Asharam’s deteriorating physical and mental health has made Sahu’s house a hell. Every word Asharam utters makes the house feel foul. The father-son can never sit through a conversation without swearing. Sahu is angry, less at his son, more at himself. Sahu is full of remorse and regret, he keeps wondering where he went wrong. He knows exactly where he went wrong. He should have been there when he could have been there. He should have cut down on the visits to Kanchhimaya’s place. He should have never introduced Kanchhimaya to his son. He should have done the eldest one right, so that the ones after him could follow the path. He blames it on circumstance—everything that has become of his sons.

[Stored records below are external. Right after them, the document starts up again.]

Lemma adj_rowsum_factor_horner0 n (A : 'M[R]_n.+1) k z :
  metzler A -> (forall t, 0 < t -> ~~ root (char_poly A) t) ->
  adj_rowsum A = 'X^k *: z ->
  orthant (map_mx (horner_eval 0) z) /\
  exists2 c, 0 <= c & A *m map_mx (horner_eval 0) z = - c *: const_mx 1.
Proof.
move=> A_metz noroot yz; set x := map_mx (horner_eval 0) z.
have tk_gt0 t : 0 < t -> 0 < t ^+ k by move=> t0; exact: exprn_gt0.
split.
  move=> j; rewrite mxE.
  apply: continuous_ge0_at0; first exact: continuous_horner.
  move=> t t0; apply: ltW; have := adj_rowsum_gt0 A_metz noroot j t0.
  by rewrite yz mxE hornerM hornerXn pmulr_rgt0 ?tk_gt0.
pose w := char_poly_mx A *m z.
have wX i : 'X^k * w i 0 = char_poly A.
  have := char_poly_mx_adj_rowsum A.
  move/(congr1 (fun u : 'cV[{poly R}]_n.+1 => u i 0)).
  by rewrite yz -scalemxAr !mxE mulr1.
have wE i : w i 0 = w 0 0.
  by apply: (mulfI (monic_neq0 (monicXn _ k))); rewrite !wX.
exists (w 0 0).[0].
  apply: continuous_ge0_at0; first exact: continuous_horner.
  move=> t t0; apply: ltW.
  have := monic_horner_gt0 (char_poly_monic A) noroot t0.
  by rewrite -(wX 0) hornerM hornerXn pmulr_rgt0 ?tk_gt0.
have : (0%:M - A) *m x = (w 0 0).[0] *: const_mx 1.
  rewrite -horner_char_poly_mx -map_mxM -/w; apply/matrixP => i l.
  by rewrite ord1 [LHS]mxE /horner_eval wE !mxE mulr1.
by rewrite mulmxBl mul_scalar_mx scale0r sub0r scaleNr => <-; rewrite opprK.
Qed.

Lemma metzler_kernel_orthant n (A : 'M[R]_n) : metzler A ->
  root (char_poly A) 0 -> (forall t, 0 < t -> ~~ root (char_poly A) t) ->
  exists2 x, orthant0 x & A *m x = 0.
Proof.
case: n A => [|n] A A_metz root0 noroot.
  by rewrite /char_poly det_mx00 rootE hornerC oner_eq0 in root0.
have [k [z [yz x_neq0]]] : exists k z, adj_rowsum A = 'X^k *: z /\
    map_mx (horner_eval 0) z != 0.
  apply: cV_poly_factor_Xn; apply/eqP => y0.
  have := adj_rowsum_gt0 A_metz noroot ord0 ltr01.
  by rewrite y0 mxE horner0 ltxx.
have [x_ge0 [c c_ge0 Ax]] := adj_rowsum_factor_horner0 A_metz noroot yz.
exists (map_mx (horner_eval 0) z) => //; rewrite Ax.
move: c_ge0; rewrite le_eqVlt => /predU1P[<- | c_gt0].
  by rewrite oppr0 scale0r.
have detA0 : \det A = 0.
  move: root0; rewrite rootE horner_char_poly raddf0 sub0r -scaleN1r detZ.
  by rewrite mulf_eq0 signr_eq0 /= => /eqP.
by have := metzler_det_neq0 A_metz c_gt0 x_ge0 Ax; rewrite detA0 eqxx.
Qed.
(* The criteria [F_delta] increase pointwise to [F_zero] as [delta] decreases to 0, and
   all of them dominate [Phi (H x - y) + |V0 x|^2], which is coercive because [Ker H] and
   [Ker V0] meet only at 0; hence minimizers of [F_(delta_k)] stay in a fixed ball.  If
   [x] is a cluster point of a sequence with [F_(delta_k) x_k <= C], continuity of each
   fixed [F_(delta_m)] and monotonicity give [F_(delta_m) x <= C], and letting [m] grow
   gives [F_zero x <= C].  This lower bound makes every cluster point of minimizers a
   minimizer of [F_zero], forces [inf F_(delta_k)] to increase to [inf F_zero], and,
   with compactness, gives convergence when the minimizer of [F_zero] is unique. *)

Section EuclideanNorm.
Variables (R : realType) (n : nat).
Implicit Types (u v : 'cV[R]_n) (k : R).

Definition enorm2 v : R := \sum_(i < n) v i 0 ^+ 2.

Lemma enorm2_ge0 v : 0 <= enorm2 v.
Proof. by apply: sumr_ge0 => i _; exact: sqr_ge0. Qed.

Lemma enorm_ge0 v : 0 <= enorm v.
Proof. exact: sqrtr_ge0. Qed.

Lemma sqr_enorm v : enorm v ^+ 2 = enorm2 v.
Proof. by rewrite sqr_sqrtr // enorm2_ge0. Qed.

Lemma enorm2_eq0 v : (enorm2 v == 0) = (v == 0).
Proof.
rewrite psumr_eq0 => [|i _]; last exact: sqr_ge0.
apply/allP/eqP => [v0|-> i _]; last by rewrite mxE expr0n eqxx.
apply/matrixP => i j; rewrite ord1 mxE; apply/eqP.
by have := v0 i (mem_index_enum i); rewrite /= sqrf_eq0.
Qed.

Lemma enorm20 : enorm2 (0 : 'cV[R]_n) = 0.
Proof. by apply/eqP; rewrite enorm2_eq0. Qed.
(* Let $A=\{a_1,\dots,a_k\}$ with $k\ge2$ and let $Z\subseteq A^+$ be a finite code of standard form with $\gcd(|Z_{a_1}|,\dots,|Z_{a_k}|)>1$. Fix $t\in\{1,\dots,k\}$ and $w\in Z_{a_t}$ with $|w|=\min\{|z|: z\in Z\}$. Let $P_w$ be the set of non-empty proper prefixes of $w$, and let $D$ be the set of integers $d\ge2$ dividing all of $|Z_{a_1}|,\dots,|Z_{a_k}|$. For $u\in P_w$ let $Q_u=\{U\subseteq u^{-1}Z_{a_t}: |U|\in D\}$, and for a non-empty finite set $Y$ let $R_Y=\{V\subseteq \bigcap_{y\in Y}Zy^{-1}: |V|=|Z|/|Y|\}$. Then $Z$ is an alt-induced code if and only if there exist $u\in P_w$, $Y\in Q_u$ and $X\in R_Y$ such that $Z=XY$.
   Context: $A^+$ is the set of non-empty words over $A$; $|w|$ is the length of a word, $|S|$ the cardinality of a set; $XY=\{xy:x\in X,y\in Y\}$. For $a\in A$, $Z_a$ is the set of words of $Z$ beginning with $a$. For a word $u$: $u^{-1}S=\{v\in A^*: uv\in S\}$ and $Su^{-1}=\{v\in A^*: vu\in S\}$. A code is a subset of $A^+$ in which every word has at most one factorization into its elements. A finite code $Z$ over $A$ is of standard form if every word of $Z$ has length at least $2$, it is not the case that all words of $Z$ begin with the same letter, and it is not the case that all words of $Z$ end with the same letter. For non-empty $X,Y\subseteq A^+$, $(X,Y)$ is an alternative code if $XY$ is a code and each element of $XY$ has exactly one factorization $xy$ with $x\in X,y\in Y$ (equivalently, no word admits two different similar alternative factorizations on $(X,Y)$). $Z$ is an alt-induced code if $Z=XY$ for some alternative code $(X,Y)$. *)

From mathcomp Require Import all_boot.
Set Implicit Arguments. Unset Strict Implicit. Unset Printing Implicit Defensive.

Section Words.
Variable A : finType.
Notation word := (seq A).

Definition lang := word -> Prop.

Definition is_code (S : lang) : Prop :=
  (forall z, S z -> z <> [::]) /\
  forall xs ys : seq word,
    (forall x, x \in xs -> S x) -> (forall y, y \in ys -> S y) ->
    flatten xs = flatten ys -> xs = ys.

Definition lprod (X Y : lang) : lang :=
  fun w => exists x y, X x /\ Y y /\ w = x ++ y.

Definition alternative_code (X Y : lang) : Prop :=
  (exists x, X x) /\ (exists y, Y y) /\
  (forall x, X x -> x <> [::]) /\ (forall y, Y y -> y <> [::]) /\
  is_code (lprod X Y) /\
  (forall x1 y1 x2 y2, X x1 -> Y y1 -> X x2 -> Y y2 ->
     x1 ++ y1 = x2 ++ y2 -> x1 = x2 /\ y1 = y2).

Definition alt_induced (Z : lang) : Prop :=
  exists X Y : lang, alternative_code X Y /\ forall z, Z z <-> lprod X Y z.

Definition begins_with (a : A) (z : word) : bool :=
  if z is b :: _ then b == a else false.
Definition ends_with (a : A) (z : word) : bool :=
  if z is _ :: _ then last a z == a else false.
Definition Zstart (Z : seq word) (a : A) : seq word :=
  [seq z <- Z | begins_with a z].

Definition standard_form (Z : seq word) : Prop :=
  (forall z, z \in Z -> 2 <= size z) /\
  ~ (exists a, forall z, z \in Z -> begins_with a z) /\
  ~ (exists a, forall z, z \in Z -> ends_with a z).

Definition gcd_Zstart (Z : seq word) : nat :=
  \big[gcdn/0]_(a : A) size (Zstart Z a).

Definition in_D (Z : seq word) (d : nat) : Prop :=
  2 <= d /\ forall a : A, d %| size (Zstart Z a).

Definition proper_prefix (u w : word) : Prop :=
  0 < size u < size w /\ u = take (size u) w.

(* U ∈ Q_u (with respect to the letter a = a_t); finite sets are uniq seqs *)
Definition in_Q (Z : seq word) (a : A) (u : word) (U : seq word) : Prop :=
  uniq U /\ (forall v, v \in U -> (u ++ v) \in Zstart Z a) /\ in_D Z (size U).

Definition in_R (Z : seq word) (Y V : seq word) : Prop :=
  uniq V /\ (forall v, v \in V -> forall y, y \in Y -> (v ++ y) \in Z) /\
  size V = size Z %/ size Y.

End Words.

From mathcomp Require Import all_boot.
From Stdlib Require Import Classical.
Set Implicit Arguments. Unset Strict Implicit. Unset Printing Implicit Defensive.

(* If Z = XY for an alternative code (X, Y), then |Z| = |X| |Y| and
   |Z_c| = |X_c| |Y| for every letter c, so |Y| divides every |Z_c|; |Y| >= 2,
   since otherwise all words of Z would end with the last letter of the unique
   word of Y; and the X-part u of w is a proper prefix of w with uY within Z_a.
   Conversely, if Z = XY with |X| = |Z| / |Y| and |Y| dividing |Z|, the |X| |Y|
   products exhaust Z, so each word of Z factors uniquely.  Minimality of |w|
   keeps the empty word out of Y; if it lies in X, then Y is a subset of Z and
   |Y| dividing |Z_c| = |Y_c| + |X_c| |Y| forces all words of Y to begin with a
   common letter c, which is moved from the right factor to the left one. *)

Lemma map_uniq_inj (T1 T2 : eqType) (f : T1 -> T2) (s : seq T1) :
  uniq (map f s) -> {in s &, injective f}.
Proof.
elim: s => // x s IHs /= /andP[fx_notin Us] x1 x2.
rewrite !inE => /predU1P[-> | s_x1] /predU1P[-> | s_x2] // E.
- by move: fx_notin; rewrite E map_f.
- by move: fx_notin; rewrite -E map_f.
- exact: IHs.
Qed.

Lemma allpairs_uniq_inj (S T : eqType) (R : eqType) (f : S -> T -> R)
    (s : seq S) (t : seq T) :
    uniq [seq f x y | x <- s, y <- t] ->
  forall x1 y1 x2 y2, x1 \in s -> y1 \in t -> x2 \in s -> y2 \in t ->
  f x1 y1 = f x2 y2 -> x1 = x2 /\ y1 = y2.
Proof.
rewrite -(map_allpairs (uncurry f) pair) => /map_uniq_inj inj_f x1 y1 x2 y2.
move=> sx1 ty1 sx2 ty2 E.
by have [] := inj_f (x1, y1) (x2, y2) (allpairs_f _ sx1 ty1) (allpairs_f _ sx2 ty2) E.
Qed.

Lemma exists_uniq_filter_prop (T : eqType) (P : T -> Prop) (s : seq T) :
  exists2 s', uniq s' & forall x, x \in s' <-> x \in s /\ P x.
Proof.
have [s' Hs'] : exists s' : seq T, forall x, x \in s' <-> x \in s /\ P x.
  elim: s => [|y s [s' Hs']]; first by exists [::] => x; split => // [[]].
  have [Py | nPy] := classic (P y); [exists (y :: s') | exists s'] => x;
    rewrite !inE; split.
  - by case/predU1P => [-> | /Hs'[-> Px]]; rewrite ?eqxx ?orbT.
  - by case=> /predU1P[-> | sx] Px; rewrite ?eqxx //; apply/orP; right; apply/Hs'.
  - by case/Hs' => sx Px; rewrite sx orbT.
  - by case=> /predU1P[-> | sx] Px; [case: nPy | apply/Hs'].
exists (undup s') => [|x]; first exact: undup_uniq.
by rewrite mem_undup.
Qed.

Section Words.
Variable A : finType.
Notation word := (seq A).
Implicit Types (c : A) (u w x y z : word) (X Y : lang A) (Z Xs Ys : seq word).

Lemma begins_with_cat c x y : x <> [::] -> begins_with c (x ++ y) = begins_with c x.
Proof. by case: x. Qed.

Lemma ends_with_cat c x y : y <> [::] -> ends_with c (x ++ y) = ends_with c y.
Proof. by case: y => // b y _; case: x => //= b' x; rewrite last_cat. Qed.

Lemma count_begins_with_allpairs c Xs Ys :
  count (begins_with c) [seq x ++ y | x <- Xs, y <- Ys] =
  count_mem [::] Xs * count (begins_with c) Ys + count (begins_with c) Xs * size Ys.
Proof.
elim: Xs => [|x Xs IHXs] //; rewrite allpairs_cons count_cat IHXs count_map.
case: x => [|b x] /=.
  by rewrite (@eq_count _ _ (begins_with c)) // addnA add1n mulSn.
have -> : count (preim (cat (b :: x)) (begins_with c)) Ys = (b == c) * size Ys.
  case: (b =P c) => [-> | nbc].
    by rewrite mul1n -count_predT; apply: eq_count => y /=; rewrite eqxx.
  by rewrite mul0n -(count_pred0 Ys); apply: eq_count => y /=; apply/eqP.
by rewrite add0n mulnDl addnCA.
Qed.

Lemma size_sum_Zstart Z : (forall z, z \in Z -> z <> [::]) ->
  size Z = \sum_(c : A) size (Zstart Z c).
Proof.
move=> Zne; rewrite -sum1_size.
under [RHS]eq_bigr => c _ do rewrite size_filter -sum1_count.
rewrite (exchange_big_dep xpredT) //=; apply: eq_big_seq => z /Zne.
by case: z => [|b z] // _; rewrite (bigD1 b) //= big_pred0 // => c; rewrite eq_sym andbN.
Qed.

Lemma is_code_ext (S T : lang A) : (forall z, S z <-> T z) -> is_code S -> is_code T.
Proof.
move=> ST [S_ne S_fact]; split=> [z /ST | xs ys xsT ysT]; first exact: S_ne.
by apply: S_fact => [x /xsT | y /ysT] /ST.
Qed.

Lemma alt_inducedI (Zl X Y : lang A) : is_code Zl -> (forall z, Zl z <-> lprod X Y z) ->
    (exists x, X x) -> (exists y, Y y) ->
    (forall x, X x -> x <> [::]) -> (forall y, Y y -> y <> [::]) ->
    (forall x1 y1 x2 y2, X x1 -> Y y1 -> X x2 -> Y y2 ->
       x1 ++ y1 = x2 ++ y2 -> x1 = x2 /\ y1 = y2) ->
  alt_induced Zl.
Proof.
move=> Zl_code Zl_XY *; exists X, Y; split=> //; do 5 split=> //.
exact: is_code_ext Zl_XY Zl_code.
Qed.

Lemma lprod_left_finite X Y Z : (exists y, Y y) -> (forall z, lprod X Y z -> z \in Z) ->
  exists2 Xs, uniq Xs & forall x, x \in Xs <-> X x.
Proof.
move=> [y Yy] XY_Z.
have [Xs uXs memXs] :=
  exists_uniq_filter_prop X [seq take i z | z <- Z, i <- iota 0 (size z).+1].
exists Xs => // x; rewrite memXs; split=> [[] // | Xx]; split=> //.
apply/allpairsPdep; exists (x ++ y), (size x); split; first by apply: XY_Z; exists x, y.
  by rewrite mem_iota size_cat ltnS leq_addr.
by rewrite take_size_cat.
Qed.

Lemma lprod_right_finite X Y Z : (exists x, X x) -> (forall z, lprod X Y z -> z \in Z) ->
  exists2 Ys, uniq Ys & forall y, y \in Ys <-> Y y.
Proof.
move=> [x Xx] XY_Z.
have [Ys uYs memYs] :=
  exists_uniq_filter_prop Y [seq drop i z | z <- Z, i <- iota 0 (size z).+1].
exists Ys => // y; rewrite memYs; split=> [[] // | Yy]; split=> //.
apply/allpairsPdep; exists (x ++ y), (size x); split; first by apply: XY_Z; exists x, y.
  by rewrite mem_iota size_cat ltnS leq_addr.
by rewrite drop_size_cat.
Qed.

Lemma lprod_mem_allpairs Z Xs Ys :
    (forall z, z \in Z <-> lprod (fun x => x \in Xs) (fun y => y \in Ys) z) ->
  Z =i [seq x ++ y | x <- Xs, y <- Ys].
Proof.
move=> Z_fact z; apply/idP/allpairsP => [/Z_fact[x [y [? [? ->]]]] | [[x y] [/= ? ? ->]]].
  by exists (x, y).
by apply/Z_fact; exists x, y.
Qed.

Lemma lprod_shift_letter X Y c z : (forall y, Y y -> begins_with c y) ->
  lprod X Y z <-> lprod (fun x => exists2 x0, X x0 & x = rcons x0 c) (fun y => Y (c :: y)) z.
Proof.
move=> Yc; split=> [[x [y [Xx [Yy ->]]]] | [_ [y [[x Xx ->] [Yy ->]]]]].
  case: y Yy (Yc y Yy) => [|b y] // Yy /eqP Eb; subst b.
  by exists (rcons x c), y; rewrite cat_rcons; split=> //; exists x.
by exists x, (c :: y); rewrite cat_rcons.
Qed.

Lemma all_begins_with_right_factor Z Xs Ys c y0 :
    uniq Xs -> [::] \in Xs -> perm_eq Z [seq x ++ y | x <- Xs, y <- Ys] ->
    size Ys %| size (Zstart Z c) -> y0 \in Ys -> begins_with c y0 ->
  all (begins_with c) Ys.
Proof.
move=> uXs Xs_nil /permP pZ + Ys_y0 y0c.
rewrite size_filter pZ count_begins_with_allpairs count_uniq_mem // Xs_nil mul1n.
rewrite dvdn_addl ?dvdn_mull // => dvd.
by rewrite all_count eqn_leq count_size dvdn_leq // -has_count; apply/hasP; exists y0.
Qed.

Lemma size_right_factor_gt1 Z X Ys : standard_form Z ->
    (forall z, z \in Z -> lprod X (fun y => y \in Ys) z) ->
    (forall y, y \in Ys -> y <> [::]) -> (exists y, y \in Ys) ->
  1 < size Ys.
Proof.
move=> [_ [_ not_ends]] Z_fact Ys_ne [y0 Ys_y0]; rewrite ltnNge; apply/negP => Ys_le1.
have Ys1 : Ys = [:: y0].
  by case: (Ys) Ys_y0 Ys_le1 => [|y [|]] // ; rewrite inE => /eqP ->.
case E: y0 (Ys_ne _ Ys_y0) => [|b y] // _.
apply: not_ends; exists (last b y) => z /Z_fact [x [y' [_ [+ ->]]]].
by rewrite Ys1 inE => /eqP ->; rewrite ends_with_cat E //= eqxx.
Qed.

Lemma alt_induced_of_factorization Z a w u Ys Xs :
    uniq Z -> is_code (fun z => z \in Z) -> standard_form Z -> w \in Zstart Z a ->
    (forall z, z \in Z -> size w <= size z) ->
    proper_prefix u w -> in_Q Z a u Ys -> in_R Z Ys Xs ->
    (forall z, z \in Z <-> lprod (fun x => x \in Xs) (fun y => y \in Ys) z) ->
  alt_induced (fun z => z \in Z).
Proof.
move=> uZ Zcode [Z_ge2 _] wZa w_min [/andP[_ u_lt_w] _] [uYs [Ys_Za [Ys_ge2 Ys_dvd]]]
  [uXs [_ Xs_size]] Z_fact.
have Ys_ne y : y \in Ys -> y <> [::].
  by move=> /Ys_Za; rewrite mem_filter => /andP[_ /w_min] + y_nil;
    rewrite y_nil cats0 leqNgt u_lt_w.
have size_Z : size Z = size Xs * size Ys.
  rewrite Xs_size divnK // (size_sum_Zstart (Z := Z)); first by apply: dvdn_sum => c _.
  by move=> z /Z_ge2; case: z.
pose P := [seq x ++ y | x <- Xs, y <- Ys].
have Z_P : Z =i P := lprod_mem_allpairs Z_fact.
have uP : uniq P by rewrite (uniq_size_uniq uZ Z_P) size_allpairs size_Z.
have pZ : perm_eq Z P := uniq_perm uZ uP Z_P.
have XsYs_inj := allpairs_uniq_inj uP.
have [y0 Ys_y0] : exists y0, y0 \in Ys.
  by case: (Ys) Ys_ge2 => // y0 s _; exists y0; rewrite mem_head.
have [x0 [_ [Xs_x0 _]]] : exists x0 y, x0 \in Xs /\ y \in Ys /\ w = x0 ++ y.
  by apply/Z_fact; move: wZa; rewrite mem_filter => /andP[].
have [Xs_nil | Xs_nnil] := boolP ([::] \in Xs); last first.
  apply: (alt_inducedI Zcode Z_fact) => //; [by exists x0 | by exists y0 |].
  by move=> x Xs_x x_nil; rewrite -x_nil Xs_x in Xs_nnil.
case E0: y0 => [|c y0']; first by case: (Ys_ne _ Ys_y0).
have y0c : begins_with c y0 by rewrite E0 /= eqxx.
have /allP Ys_c := all_begins_with_right_factor uXs Xs_nil pZ (Ys_dvd c) Ys_y0 y0c.
apply: (alt_inducedI Zcode (fun z => iff_trans (Z_fact z) (lprod_shift_letter _ _ Ys_c))).
- by exists [:: c]; exists [::].
- by exists y0'; rewrite -E0.
- by move=> _ [[|b x] _ ->].
- by move=> y /(allpairs_f cat Xs_nil); rewrite -Z_P => /Z_ge2 + y_nil; rewrite y_nil.
move=> _ y1 _ y2 [x1 Xs_x1 ->] Ys_y1 [x2 Xs_x2 ->] Ys_y2; rewrite !cat_rcons => E.
by have [-> [->]] := XsYs_inj _ _ _ _ Xs_x1 Ys_y1 Xs_x2 Ys_y2 E.
Qed.

Lemma factorization_of_alt_induced Z a w :
    uniq Z -> standard_form Z -> w \in Zstart Z a -> alt_induced (fun z => z \in Z) ->
  exists u Ys Xs, proper_prefix u w /\ in_Q Z a u Ys /\ in_R Z Ys Xs /\
    forall z, z \in Z <-> lprod (fun x => x \in Xs) (fun y => y \in Ys) z.
Proof.
move=> uZ Zstd wZa [X [Y [[[x0 Xx0] [[y0 Yy0] [X_ne [Y_ne [_ XY_inj]]]]] Z_XY]]].
have XY_Z z : lprod X Y z -> z \in Z by move/Z_XY.
have [Xs uXs memXs] := lprod_left_finite (ex_intro _ y0 Yy0) XY_Z.
have [Ys uYs memYs] := lprod_right_finite (ex_intro _ x0 Xx0) XY_Z.
have Z_fact z : z \in Z <-> lprod (fun x => x \in Xs) (fun y => y \in Ys) z.
  rewrite Z_XY; split=> [[x [y [/memXs ? [/memYs ? ->]]]] | [x [y [/memXs ? [/memYs ? ->]]]]];
    by exists x, y.
have pZ : perm_eq Z [seq x ++ y | x <- Xs, y <- Ys].
  apply: uniq_perm uZ _ (lprod_mem_allpairs Z_fact).
  apply: allpairs_uniq => // -[x1 y1] [x2 y2].
  move=> /allpairsP[[? ?] [/= /memXs Xx1 /memYs Yy1 [-> ->]]].
  move=> /allpairsP[[? ?] [/= /memXs Xx2 /memYs Yy2 [-> ->]]] /= E.
  by have [-> ->] := XY_inj _ _ _ _ Xx1 Yy1 Xx2 Yy2 E.
have Xs_ne x : x \in Xs -> x <> [::] by move/memXs/X_ne.
have Ys_ne y : y \in Ys -> y <> [::] by move/memYs/Y_ne.
have [wZ wa] : w \in Z /\ begins_with a w by move: wZa; rewrite mem_filter => /andP[].
have [u [y1 [Xs_u [Ys_y1 w_eq]]]] := proj1 (Z_fact w) wZ.
have u_ne := Xs_ne u Xs_u.
have ua : begins_with a u by rewrite -(begins_with_cat _ y1 u_ne) -w_eq.
exists u, Ys, Xs; split; [|split; [|split]] => //.
- split; last by rewrite w_eq take_size_cat.
  rewrite w_eq size_cat -{2}[size u]addn0 ltn_add2l !lt0n !size_eq0.
  by apply/andP; split; apply/eqP; [exact: u_ne | exact: Ys_ne].
- split=> //; split.
    move=> v Ys_v; rewrite mem_filter begins_with_cat // ua.
    by apply/Z_fact; exists u, v.
  split; first by apply: size_right_factor_gt1 Zstd (fun z => proj1 (Z_fact z)) Ys_ne _;
    exists y1.
  move=> c; rewrite size_filter (permP pZ) count_begins_with_allpairs.
  have Xs_nnil : [::] \notin Xs by apply/negP => /Xs_ne.
  by rewrite (count_memPn Xs_nnil) mul0n add0n dvdn_mull.
split=> //; split; first by move=> v Xs_v y Ys_y; apply/Z_fact; exists v, y.
by rewrite (perm_size pZ) size_allpairs mulnK // lt0n size_eq0; case: (Ys) Ys_y1.
Qed.

End Words.

Theorem propositionP (A : finType) (hA : 2 <= #|A|) (Z : seq (seq A))
  (hZuniq : uniq Z) (hcode : is_code (fun z => z \in Z))
  (hstd : standard_form Z) (hgcd : 1 < gcd_Zstart Z)
  (a : A) (w : seq A) (hw : w \in Zstart Z a)
  (hwmin : forall z, z \in Z -> size w <= size z) :
  alt_induced (fun z => z \in Z) <->
  exists u (Y X : seq (seq A)),
    proper_prefix u w /\ in_Q Z a u Y /\ in_R Z Y X /\
    forall z, z \in Z <-> lprod (fun x => x \in X) (fun y => y \in Y) z.
Proof.
split; first exact: factorization_of_alt_induced.
move=> [u [Y [X [u_w [Y_Q [X_R Z_XY]]]]]].
exact: alt_induced_of_factorization hw hwmin u_w Y_Q X_R Z_XY.
Qed.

He had the epiphany when he was on his way to the hospital last week. His two sons were far, far away in lands they could never call their own, yet held closer to their hearts than their own family. His eldest son was bed-ridden and probably paralysed for the rest of his life after falling off a roof. And his youngest boy was in the same bus as him, not as Sahu’s son but as a Khalaasi asking him for his bus fare.
Maila Sahu still wakes up every day and goes to the ghaat, walks around the tole and comes back home to start off the day. He does try to start his work at his workshop but hardly works for an hour before he stops. The body gives up at this age.
He then climbs the tin roof of his now single storeyed—post the earthquake—residence and listens to old melancholic melodies on his radio, reflecting on his life, his children, his long-lost aspirations and his regrets.
He wasn’t the jolliest person, but you wouldn’t call him sad. He had always been content with his life—at least until few years ago. Today he is anything but.